━━━ ENTRIES PROVIDED

(* Let $(A,\mu_A)$ and $(B,\mu_B)$ be associative algebras, $\alpha_A:A\to A$ and $\alpha_B:B\to B$ algebra maps, and $R:B\otimes A\to A\otimes B$ a twisting map satisfying $(\alpha_A\otimes\alpha_B)\circ R=R\circ(\alpha_B\otimes\alpha_A)$. Then $R$ is a Hom-twisting map between the Hom-associative algebras $A_{\alpha_A}$ and $B_{\alpha_B}$, and the Hom-associative algebras $A_{\alpha_A}\otimes_R B_{\alpha_B}$ and $(A\otimes_R B)_{\alpha_A\otimes\alpha_B}$ coincide.
   Context: Algebras over a field $k$, not assumed unital. A Hom-associative algebra is $(A,\mu,\alpha)$ with $\alpha(aa')=\alpha(a)\alpha(a')$ and $\alpha(a)(a'a'')=(aa')\alpha(a'')$. For an associative algebra $(A,\mu)$ and algebra endomorphism $\alpha$, $A_\alpha$ denotes the Hom-associative algebra $(A,\alpha\circ\mu,\alpha)$. A twisting map between associative algebras $A,B$ is a linear $R:B\otimes A\to A\otimes B$ with $R\circ(\mathrm{id}_B\otimes\mu_A)=(\mu_A\otimes\mathrm{id}_B)\circ(\mathrm{id}_A\otimes R)\circ(R\otimes\mathrm{id}_A)$ and $R\circ(\mu_B\otimes\mathrm{id}_A)=(\mathrm{id}_A\otimes\mu_B)\circ(R\otimes\mathrm{id}_B)\circ(\mathrm{id}_B\otimes R)$; the twisted tensor product $A\otimes_R B$ is the associative algebra $A\otimes B$ with product $(\mu_A\otimes\mu_B)\circ(\mathrm{id}_A\otimes R\otimes\mathrm{id}_B)$. For Hom-associative algebras $(A,\mu_A,\alpha_A),(B,\mu_B,\alpha_B)$, a Hom-twisting map is a linear $R:B\otimes A\to A\otimes B$ with $(\alpha_A\otimes\alpha_B)\circ R=R\circ(\alpha_B\otimes\alpha_A)$, $R\circ(\alpha_B\otimes\mu_A)=(\mu_A\otimes\alpha_B)\circ(\mathrm{id}_A\otimes R)\circ(R\otimes\mathrm{id}_A)$, $R\circ(\mu_B\otimes\alpha_A)=(\alpha_A\otimes\mu_B)\circ(R\otimes\mathrm{id}_B)\circ(\mathrm{id}_B\otimes R)$; the Hom-twisted tensor product $A\otimes_R B$ is $A\otimes B$ with product $(\mu_A\otimes\mu_B)\circ(\mathrm{id}_A\otimes R\otimes\mathrm{id}_B)$ and structure map $\alpha_A\otimes\alpha_B$. *)

(* Tensor products of k-vector spaces are modelled by finite
   lists of elementary tensors, identified up to the tensor-product equivalence
   [teq]: two lists are equal in U (x) V iff every bilinear map out of U x V
   (into any k-vector space) gives the same sum on them.  This is exactly the
   kernel of the canonical surjection seq (U * V) ->> U (x) V. *)
From mathcomp Require Import all_boot all_algebra.
Set Implicit Arguments. Unset Strict Implicit. Unset Printing Implicit Defensive.
Import GRing.Theory.
Local Open Scope ring_scope.

Section TensorDefs.
Variable k : fieldType.

Definition linmap (U W : lmodType k) (f : U -> W) : Prop :=
  forall (c : k) (u u' : U), f (c *: u + u') = c *: f u + f u'.

Definition bilin (U V W : lmodType k) (f : U -> V -> W) : Prop :=
  (forall (v : V) (c : k) (u u' : U), f (c *: u + u') v = c *: f u v + f u' v) /\
  (forall (u : U) (c : k) (v v' : V), f u (c *: v + v') = c *: f u v + f u v').

Definition teq (U V : lmodType k) (s t : seq (U * V)) : Prop :=
  forall (W : lmodType k) (f : U -> V -> W), bilin f ->
    \sum_(p <- s) f p.1 p.2 = \sum_(p <- t) f p.1 p.2.

Definition tscale (U V : lmodType k) (c : k) (s : seq (U * V)) : seq (U * V) :=
  [seq (c *: p.1, p.2) | p <- s].

(* a linear map X (x) Y -> U (x) V, given on elementary tensors by r
   (r x y is a representative of R (x (x) y)); linearity of R means that
   r is bilinear modulo teq. *)
Definition lin_tensor (X Y U V : lmodType k) (r : X -> Y -> seq (U * V)) : Prop :=
  (forall (y : Y) (c : k) (x x' : X),
      teq (r (c *: x + x') y) (tscale c (r x y) ++ r x' y)) /\
  (forall (x : X) (c : k) (y y' : Y),
      teq (r x (c *: y + y')) (tscale c (r x y) ++ r x y')).

Definition assoc_alg (A : lmodType k) (mu : A -> A -> A) : Prop :=
  bilin mu /\ (forall x y z, mu x (mu y z) = mu (mu x y) z).

Definition alg_map (A : lmodType k) (mu : A -> A -> A) (al : A -> A) : Prop :=
  linmap al /\ (forall x y, al (mu x y) = mu (al x) (al y)).

Definition hom_assoc_alg (A : lmodType k) (mu : A -> A -> A) (al : A -> A) : Prop :=
  [/\ bilin mu, linmap al,
      (forall x y, al (mu x y) = mu (al x) (al y)) &
      (forall x y z, mu (al x) (mu y z) = mu (mu x y) (al z))].

(* A_alpha = (A, alpha o mu, alpha) : its multiplication *)
Definition twist_mul (A : lmodType k) (al : A -> A) (mu : A -> A -> A) : A -> A -> A :=
  fun x y => al (mu x y).

Section Twisting.
Variables A B : lmodType k.
Implicit Type r : B -> A -> seq (A * B).

Definition tmap r (s : seq (B * A)) : seq (A * B) :=
  flatten [seq r p.1 p.2 | p <- s].

Definition R_idA r (s : seq (B * A * A)) : seq (A * B * A) :=
  flatten [seq [seq (x.1, x.2, p.2) | x <- r p.1.1 p.1.2] | p <- s].
Definition idA_R r (s : seq (A * B * A)) : seq (A * A * B) :=
  flatten [seq [seq (p.1.1, x.1, x.2) | x <- r p.1.2 p.2] | p <- s].
Definition idB_R r (s : seq (B * B * A)) : seq (B * A * B) :=
  flatten [seq [seq (p.1.1, x.1, x.2) | x <- r p.1.2 p.2] | p <- s].
Definition R_idB r (s : seq (B * A * B)) : seq (A * B * B) :=
  flatten [seq [seq (x.1, x.2, p.2) | x <- r p.1.1 p.1.2] | p <- s].

(* R o (alB (x) muA) = (muA (x) alB) o (id_A (x) R) o (R (x) id_A) *)
Definition tw_condA (muA : A -> A -> A) (alB : B -> B) r : Prop :=
  forall s : seq (B * A * A),
    teq (tmap r [seq (alB p.1.1, muA p.1.2 p.2) | p <- s])
        [seq (muA q.1.1 q.1.2, alB q.2) | q <- idA_R r (R_idA r s)].

(* R o (muB (x) alA) = (alA (x) muB) o (R (x) id_B) o (id_B (x) R) *)
Definition tw_condB (muB : B -> B -> B) (alA : A -> A) r : Prop :=
  forall s : seq (B * B * A),
    teq (tmap r [seq (muB p.1.1 p.1.2, alA p.2) | p <- s])
        [seq (alA q.1.1, muB q.1.2 q.2) | q <- R_idB r (idB_R r s)].

Definition tw_comm (alA : A -> A) (alB : B -> B) r : Prop :=
  forall s : seq (B * A),
    teq [seq (alA p.1, alB p.2) | p <- tmap r s]
        (tmap r [seq (alB p.1, alA p.2) | p <- s]).

Definition twisting_map (muA : A -> A -> A) (muB : B -> B -> B) r : Prop :=
  [/\ lin_tensor r, tw_condA muA id r & tw_condB muB id r].

Definition hom_twisting_map (muA : A -> A -> A) (alA : A -> A)
    (muB : B -> B -> B) (alB : B -> B) r : Prop :=
  [/\ lin_tensor r, tw_comm alA alB r, tw_condA muA alB r & tw_condB muB alA r].

(* the product (muA (x) muB) o (id (x) R (x) id) of A (x)_R B, as a map
   (A (x) B) x (A (x) B) -> A (x) B *)
Definition tprod (muA : A -> A -> A) (muB : B -> B -> B) r
    (s t : seq (A * B)) : seq (A * B) :=
  flatten [seq flatten [seq [seq (muA p.1 x.1, muB x.2 q.2) | x <- r p.2 q.1]
                        | q <- t] | p <- s].

End Twisting.
End TensorDefs.

(* Each structure map of the twisted objects is the old one followed by
   alA (x) alB.  So the Hom-twisting conditions are the twisting conditions
   composed with alA (x) alB, once R o (alB (x) alA) is rewritten as
   (alA (x) alB) o R, and the two products on A (x) B agree on the nose. *)
From mathcomp Require Import all_boot all_algebra.
Set Implicit Arguments. Unset Strict Implicit. Unset Printing Implicit Defensive.
Import GRing.Theory.
Local Open Scope ring_scope.

Section TensorEquality.
Variables (k : fieldType) (U V : lmodType k).

Lemma teq_sym (s t : seq (U * V)) : teq s t -> teq t s.
Proof. by move=> st W f bf; rewrite (st W f bf). Qed.

Lemma teq_trans (s t u : seq (U * V)) : teq s t -> teq t u -> teq s u.
Proof. by move=> st tu W f bf; rewrite (st W f bf) (tu W f bf). Qed.

Lemma teq_map (f : U -> U) (g : V -> V) (s t : seq (U * V)) :
  linmap f -> linmap g -> teq s t ->
  teq [seq (f p.1, g p.2) | p <- s] [seq (f p.1, g p.2) | p <- t].
Proof.
move=> lin_f lin_g st W F [F1 F2]; rewrite !big_map.
apply: (st W (fun u v => F (f u) (g v))); split.
- by move=> v c u u'; rewrite lin_f F1.
- by move=> u c v v'; rewrite lin_g F2.
Qed.

End TensorEquality.

Lemma hom_assoc_twist_mul (k : fieldType) (A : lmodType k)
    (mu : A -> A -> A) (al : A -> A) :
  assoc_alg mu -> alg_map mu al -> hom_assoc_alg (twist_mul al mu) al.
Proof.
rewrite /twist_mul => -[[mu1 mu2] muA] [lin_al al_mu]; split => //.
- by split=> [v c u u' | u c v v']; rewrite ?mu1 ?mu2 lin_al.
- by move=> x y; rewrite al_mu.
- by move=> x y z; rewrite !al_mu muA.
Qed.

Section TwistedTwistingMap.
Variables (k : fieldType) (A B : lmodType k).
Variables (alA : A -> A) (alB : B -> B) (r : B -> A -> seq (A * B)).
Hypotheses (lin_alA : linmap alA) (lin_alB : linmap alB).
Hypothesis r_comm : tw_comm alA alB r.

Lemma tw_condA_twist_mul (muA : A -> A -> A) :
  tw_condA muA id r -> tw_condA (twist_mul alA muA) alB r.
Proof.
move=> condA s; set s' := [seq (p.1.1, muA p.1.2 p.2) | p <- s].
have -> : [seq (alB p.1.1, twist_mul alA muA p.1.2 p.2) | p <- s]
        = [seq (alB p.1, alA p.2) | p <- s'] by rewrite -map_comp.
apply: teq_trans (teq_sym (r_comm s')) _.
by have := teq_map lin_alA lin_alB (condA s); rewrite -map_comp.
Qed.

Lemma tw_condB_twist_mul (muB : B -> B -> B) :
  tw_condB muB id r -> tw_condB (twist_mul alB muB) alA r.
Proof.
move=> condB s; set s' := [seq (muB p.1.1 p.1.2, p.2) | p <- s].
have -> : [seq (twist_mul alB muB p.1.1 p.1.2, alA p.2) | p <- s]
        = [seq (alB p.1, alA p.2) | p <- s'] by rewrite -map_comp.
apply: teq_trans (teq_sym (r_comm s')) _.
by have := teq_map lin_alA lin_alB (condB s); rewrite -map_comp.
Qed.

End TwistedTwistingMap.

Lemma tprod_twist_mul (k : fieldType) (A B : lmodType k)
    (muA : A -> A -> A) (muB : B -> B -> B) (alA : A -> A) (alB : B -> B)
    (r : B -> A -> seq (A * B)) (s t : seq (A * B)) :
  tprod (twist_mul alA muA) (twist_mul alB muB) r s t
  = [seq (alA p.1, alB p.2) | p <- tprod muA muB r s t].
Proof.
rewrite /tprod map_flatten -map_comp; congr flatten; apply: eq_map => p /=.
rewrite map_flatten -map_comp; congr flatten; apply: eq_map => q /=.
by rewrite -map_comp.
Qed.

Theorem proposition2p10 (k : fieldType) (A B : lmodType k)
    (muA : A -> A -> A) (muB : B -> B -> B) (alA : A -> A) (alB : B -> B)
    (r : B -> A -> seq (A * B)) :
  assoc_alg muA -> assoc_alg muB ->
  alg_map muA alA -> alg_map muB alB ->
  twisting_map muA muB r ->
  tw_comm alA alB r ->
  [/\ hom_assoc_alg (twist_mul alA muA) alA,
      hom_assoc_alg (twist_mul alB muB) alB,
      hom_twisting_map (twist_mul alA muA) alA (twist_mul alB muB) alB r &
      (forall s t : seq (A * B),
         teq (tprod (twist_mul alA muA) (twist_mul alB muB) r s t)
             [seq (alA p.1, alB p.2) | p <- tprod muA muB r s t])].
Proof.
move=> assocA assocB mapA mapB [lin_r condA condB] r_comm.
split; [exact: hom_assoc_twist_mul | exact: hom_assoc_twist_mul | split | ] => //.
- exact: tw_condA_twist_mul mapA.1 mapB.1 r_comm _ condA.
- exact: tw_condB_twist_mul mapA.1 mapB.1 r_comm _ condB.
- by move=> s t; rewrite tprod_twist_mul.
Qed.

━━━━━━

**WHAT THIS TASK INVOLVES:** Within the data above, the span starting at the line containing "twisting_map muA muB r ->" and ending at the line containing "- exact: tw_condA_twist_mul" is to be retyped exactly, with no other lines.

**RESULT FOR THIS EXERCISE:**
  twisting_map muA muB r ->
  tw_comm alA alB r ->
  [/\ hom_assoc_alg (twist_mul alA muA) alA,
      hom_assoc_alg (twist_mul alB muB) alB,
      hom_twisting_map (twist_mul alA muA) alA (twist_mul alB muB) alB r &
      (forall s t : seq (A * B),
         teq (tprod (twist_mul alA muA) (twist_mul alB muB) r s t)
             [seq (alA p.1, alB p.2) | p <- tprod muA muB r s t])].
Proof.
move=> assocA assocB mapA mapB [lin_r condA condB] r_comm.
split; [exact: hom_assoc_twist_mul | exact: hom_assoc_twist_mul | split | ] => //.
- exact: tw_condA_twist_mul mapA.1 mapB.1 r_comm _ condA.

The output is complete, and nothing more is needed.